**Extracted material**:
[Start of section]

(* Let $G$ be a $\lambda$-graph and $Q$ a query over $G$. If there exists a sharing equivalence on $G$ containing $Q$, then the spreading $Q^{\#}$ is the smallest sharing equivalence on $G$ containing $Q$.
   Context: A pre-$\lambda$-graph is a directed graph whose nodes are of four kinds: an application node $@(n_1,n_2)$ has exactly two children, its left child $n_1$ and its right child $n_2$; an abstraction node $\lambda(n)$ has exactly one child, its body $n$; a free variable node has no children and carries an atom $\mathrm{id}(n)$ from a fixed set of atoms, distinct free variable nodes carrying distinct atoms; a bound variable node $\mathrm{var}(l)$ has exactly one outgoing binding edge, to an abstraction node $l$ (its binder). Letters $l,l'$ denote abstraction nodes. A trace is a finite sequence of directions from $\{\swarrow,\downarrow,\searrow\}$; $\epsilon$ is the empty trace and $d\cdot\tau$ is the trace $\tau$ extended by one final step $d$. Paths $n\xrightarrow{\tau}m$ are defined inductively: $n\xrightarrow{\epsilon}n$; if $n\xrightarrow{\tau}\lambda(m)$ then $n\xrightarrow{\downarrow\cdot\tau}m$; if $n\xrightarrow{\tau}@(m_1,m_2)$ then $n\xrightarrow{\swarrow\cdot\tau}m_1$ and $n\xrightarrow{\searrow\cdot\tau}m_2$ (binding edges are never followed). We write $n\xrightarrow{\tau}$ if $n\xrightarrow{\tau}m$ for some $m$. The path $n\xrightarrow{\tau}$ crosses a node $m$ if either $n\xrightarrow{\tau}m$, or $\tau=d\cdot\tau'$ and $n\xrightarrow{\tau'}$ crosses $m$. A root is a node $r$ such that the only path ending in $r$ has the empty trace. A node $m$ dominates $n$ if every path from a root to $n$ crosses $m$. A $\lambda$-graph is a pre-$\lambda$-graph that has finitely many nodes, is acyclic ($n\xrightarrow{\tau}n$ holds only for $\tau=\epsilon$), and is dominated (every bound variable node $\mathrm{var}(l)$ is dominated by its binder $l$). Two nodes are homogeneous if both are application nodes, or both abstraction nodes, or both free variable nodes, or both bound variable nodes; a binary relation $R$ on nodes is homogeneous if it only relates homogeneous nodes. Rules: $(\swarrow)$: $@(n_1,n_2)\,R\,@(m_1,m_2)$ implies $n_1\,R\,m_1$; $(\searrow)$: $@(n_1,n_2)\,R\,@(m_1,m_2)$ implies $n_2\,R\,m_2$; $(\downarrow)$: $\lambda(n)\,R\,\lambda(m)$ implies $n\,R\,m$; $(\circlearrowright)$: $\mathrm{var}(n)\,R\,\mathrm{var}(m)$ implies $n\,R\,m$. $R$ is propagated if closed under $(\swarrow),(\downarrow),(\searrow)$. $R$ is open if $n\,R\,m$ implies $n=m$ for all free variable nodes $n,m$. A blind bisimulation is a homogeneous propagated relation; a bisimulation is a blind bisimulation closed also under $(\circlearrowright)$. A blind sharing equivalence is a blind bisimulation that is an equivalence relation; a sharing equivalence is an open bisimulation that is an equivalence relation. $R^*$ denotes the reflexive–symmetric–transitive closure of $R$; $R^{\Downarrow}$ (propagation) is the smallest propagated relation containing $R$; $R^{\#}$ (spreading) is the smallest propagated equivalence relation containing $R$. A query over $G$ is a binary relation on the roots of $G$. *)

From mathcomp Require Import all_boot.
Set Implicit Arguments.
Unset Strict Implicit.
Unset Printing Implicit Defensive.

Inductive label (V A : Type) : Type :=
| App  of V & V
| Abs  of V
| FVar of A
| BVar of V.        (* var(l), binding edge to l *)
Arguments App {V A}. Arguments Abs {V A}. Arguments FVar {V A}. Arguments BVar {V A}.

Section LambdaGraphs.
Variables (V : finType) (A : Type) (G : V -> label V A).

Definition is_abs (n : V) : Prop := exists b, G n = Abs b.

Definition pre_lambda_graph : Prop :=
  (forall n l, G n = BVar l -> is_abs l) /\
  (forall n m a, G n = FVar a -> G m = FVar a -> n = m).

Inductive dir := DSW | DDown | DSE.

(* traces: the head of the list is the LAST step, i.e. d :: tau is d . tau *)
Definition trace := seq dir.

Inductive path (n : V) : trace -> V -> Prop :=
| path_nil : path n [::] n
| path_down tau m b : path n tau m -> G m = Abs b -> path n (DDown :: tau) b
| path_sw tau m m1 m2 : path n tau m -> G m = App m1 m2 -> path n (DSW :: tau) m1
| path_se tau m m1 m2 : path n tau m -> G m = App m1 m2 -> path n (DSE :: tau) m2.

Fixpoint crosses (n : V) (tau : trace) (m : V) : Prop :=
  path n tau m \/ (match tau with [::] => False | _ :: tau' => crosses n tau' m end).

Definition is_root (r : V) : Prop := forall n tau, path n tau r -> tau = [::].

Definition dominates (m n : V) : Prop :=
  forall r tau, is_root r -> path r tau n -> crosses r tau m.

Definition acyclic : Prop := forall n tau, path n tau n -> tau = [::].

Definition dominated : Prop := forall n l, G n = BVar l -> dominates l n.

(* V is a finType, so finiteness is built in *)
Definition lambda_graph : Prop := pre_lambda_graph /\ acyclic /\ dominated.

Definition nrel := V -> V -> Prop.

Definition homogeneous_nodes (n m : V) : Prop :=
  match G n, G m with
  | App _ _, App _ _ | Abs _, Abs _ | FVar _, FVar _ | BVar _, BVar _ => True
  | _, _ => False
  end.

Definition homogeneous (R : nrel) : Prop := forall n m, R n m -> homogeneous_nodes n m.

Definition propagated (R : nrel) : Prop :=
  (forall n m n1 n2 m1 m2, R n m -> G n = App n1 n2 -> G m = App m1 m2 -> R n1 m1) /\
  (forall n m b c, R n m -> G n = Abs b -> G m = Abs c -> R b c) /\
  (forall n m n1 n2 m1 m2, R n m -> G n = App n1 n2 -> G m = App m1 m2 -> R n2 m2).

[End of section]
[Start of section]

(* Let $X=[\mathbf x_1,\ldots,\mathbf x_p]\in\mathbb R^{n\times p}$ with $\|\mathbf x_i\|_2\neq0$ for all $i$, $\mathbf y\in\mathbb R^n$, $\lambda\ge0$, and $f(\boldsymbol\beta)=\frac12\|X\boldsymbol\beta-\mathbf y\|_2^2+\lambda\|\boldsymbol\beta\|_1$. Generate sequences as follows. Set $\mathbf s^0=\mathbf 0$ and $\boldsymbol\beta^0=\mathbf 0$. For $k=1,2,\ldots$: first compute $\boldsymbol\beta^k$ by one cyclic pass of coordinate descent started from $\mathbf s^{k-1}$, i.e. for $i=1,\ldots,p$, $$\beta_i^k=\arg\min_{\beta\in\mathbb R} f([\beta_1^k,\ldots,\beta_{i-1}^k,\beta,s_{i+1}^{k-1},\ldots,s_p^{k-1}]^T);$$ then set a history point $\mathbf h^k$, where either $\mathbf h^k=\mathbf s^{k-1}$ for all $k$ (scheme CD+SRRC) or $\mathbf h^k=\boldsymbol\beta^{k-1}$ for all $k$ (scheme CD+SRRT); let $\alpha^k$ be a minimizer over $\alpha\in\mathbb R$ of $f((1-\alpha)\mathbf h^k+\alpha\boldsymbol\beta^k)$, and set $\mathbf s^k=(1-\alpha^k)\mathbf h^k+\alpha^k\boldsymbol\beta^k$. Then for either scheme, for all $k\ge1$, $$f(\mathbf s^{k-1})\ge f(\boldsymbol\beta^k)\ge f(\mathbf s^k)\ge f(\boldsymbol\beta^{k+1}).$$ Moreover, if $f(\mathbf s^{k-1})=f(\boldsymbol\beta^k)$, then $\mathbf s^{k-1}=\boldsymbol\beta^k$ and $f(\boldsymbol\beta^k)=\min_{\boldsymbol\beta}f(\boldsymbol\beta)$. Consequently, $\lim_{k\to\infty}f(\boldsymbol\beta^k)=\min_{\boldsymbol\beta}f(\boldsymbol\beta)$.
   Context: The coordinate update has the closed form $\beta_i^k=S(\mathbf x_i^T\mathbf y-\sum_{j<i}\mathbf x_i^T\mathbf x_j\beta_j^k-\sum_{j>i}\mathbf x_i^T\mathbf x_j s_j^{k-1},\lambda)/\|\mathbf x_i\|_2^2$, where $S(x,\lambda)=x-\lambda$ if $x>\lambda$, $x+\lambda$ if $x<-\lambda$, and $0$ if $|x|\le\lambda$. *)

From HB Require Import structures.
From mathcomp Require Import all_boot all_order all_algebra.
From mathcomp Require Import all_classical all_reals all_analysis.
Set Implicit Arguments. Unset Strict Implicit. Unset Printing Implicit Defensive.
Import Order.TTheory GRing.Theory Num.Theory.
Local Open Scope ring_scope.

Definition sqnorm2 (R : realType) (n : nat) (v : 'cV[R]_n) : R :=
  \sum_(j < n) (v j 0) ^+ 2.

[End of section]

**The task**: Only one stretch of the entries above is wanted: the lines from the one containing "Definition dominates (m" through the one containing "Definition propagated (R". Please reproduce it exactly.

**Expected answer**:
Definition dominates (m n : V) : Prop :=
  forall r tau, is_root r -> path r tau n -> crosses r tau m.

Definition acyclic : Prop := forall n tau, path n tau n -> tau = [::].

Definition dominated : Prop := forall n l, G n = BVar l -> dominates l n.

(* V is a finType, so finiteness is built in *)
Definition lambda_graph : Prop := pre_lambda_graph /\ acyclic /\ dominated.

Definition nrel := V -> V -> Prop.

Definition homogeneous_nodes (n m : V) : Prop :=
  match G n, G m with
  | App _ _, App _ _ | Abs _, Abs _ | FVar _, FVar _ | BVar _, BVar _ => True
  | _, _ => False
  end.

Definition homogeneous (R : nrel) : Prop := forall n m, R n m -> homogeneous_nodes n m.

Definition propagated (R : nrel) : Prop :=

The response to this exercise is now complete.